Copying exactly, give the lines in the material below from the one with "Context: A $4$-hole" to the one with "From mathcomp Require", ends included, and nothing besides.

BEGIN Task data

(* Let $S = R\cup B$ be a finite set of points in the plane in general position (no three collinear), colored red ($R$) and blue ($B$), such that $R$ and $B$ are not linearly separable, $CH(B)\subset CH(R)$, $|R| = 3$ and $|B|\ge 2$. Then $S$ contains a balanced convex $4$-hole if and only if there is an edge $\overline{uv}$ of $CH(B)$ (with $u,v\in B$) such that one of the two open half-planes bounded by the line through $u$ and $v$ contains exactly two red points and no blue point.
   Context: A $4$-hole of $S$ is a simple quadrilateral with vertices in $S$ and no point of $S$ in its interior; it is convex if the quadrilateral is convex, and balanced if it has exactly two red and two blue vertices. $CH(X)$ denotes the convex hull of $X$. $R$ and $B$ are linearly separable if some line has all of $R$ strictly on one side and all of $B$ strictly on the other. *)

From HB Require Import structures.
From mathcomp Require Import all_boot all_order all_algebra.
Set Implicit Arguments. Unset Strict Implicit. Unset Printing Implicit Defensive.
Import Order.TTheory GRing.Theory Num.Theory.
Local Open Scope ring_scope.

Definition pt (R : realFieldType) := (R * R)%type.

Section Geom.
Variable R : realFieldType.
Implicit Types p q r x : pt R.

(* orientation determinant: > 0 iff p, q, r are in counterclockwise order *)
Definition orient p q r : R :=
  (q.1 - p.1) * (r.2 - p.2) - (q.2 - p.2) * (r.1 - p.1).

Definition general_position (S : seq (pt R)) : Prop :=
  forall p q r, p \in S -> q \in S -> r \in S ->
    p != q -> q != r -> p != r -> orient p q r != 0.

END Task data

Reply —
   Context: A $4$-hole of $S$ is a simple quadrilateral with vertices in $S$ and no point of $S$ in its interior; it is convex if the quadrilateral is convex, and balanced if it has exactly two red and two blue vertices. $CH(X)$ denotes the convex hull of $X$. $R$ and $B$ are linearly separable if some line has all of $R$ strictly on one side and all of $B$ strictly on the other. *)

From HB Require Import structures.
From mathcomp Require Import all_boot all_order all_algebra.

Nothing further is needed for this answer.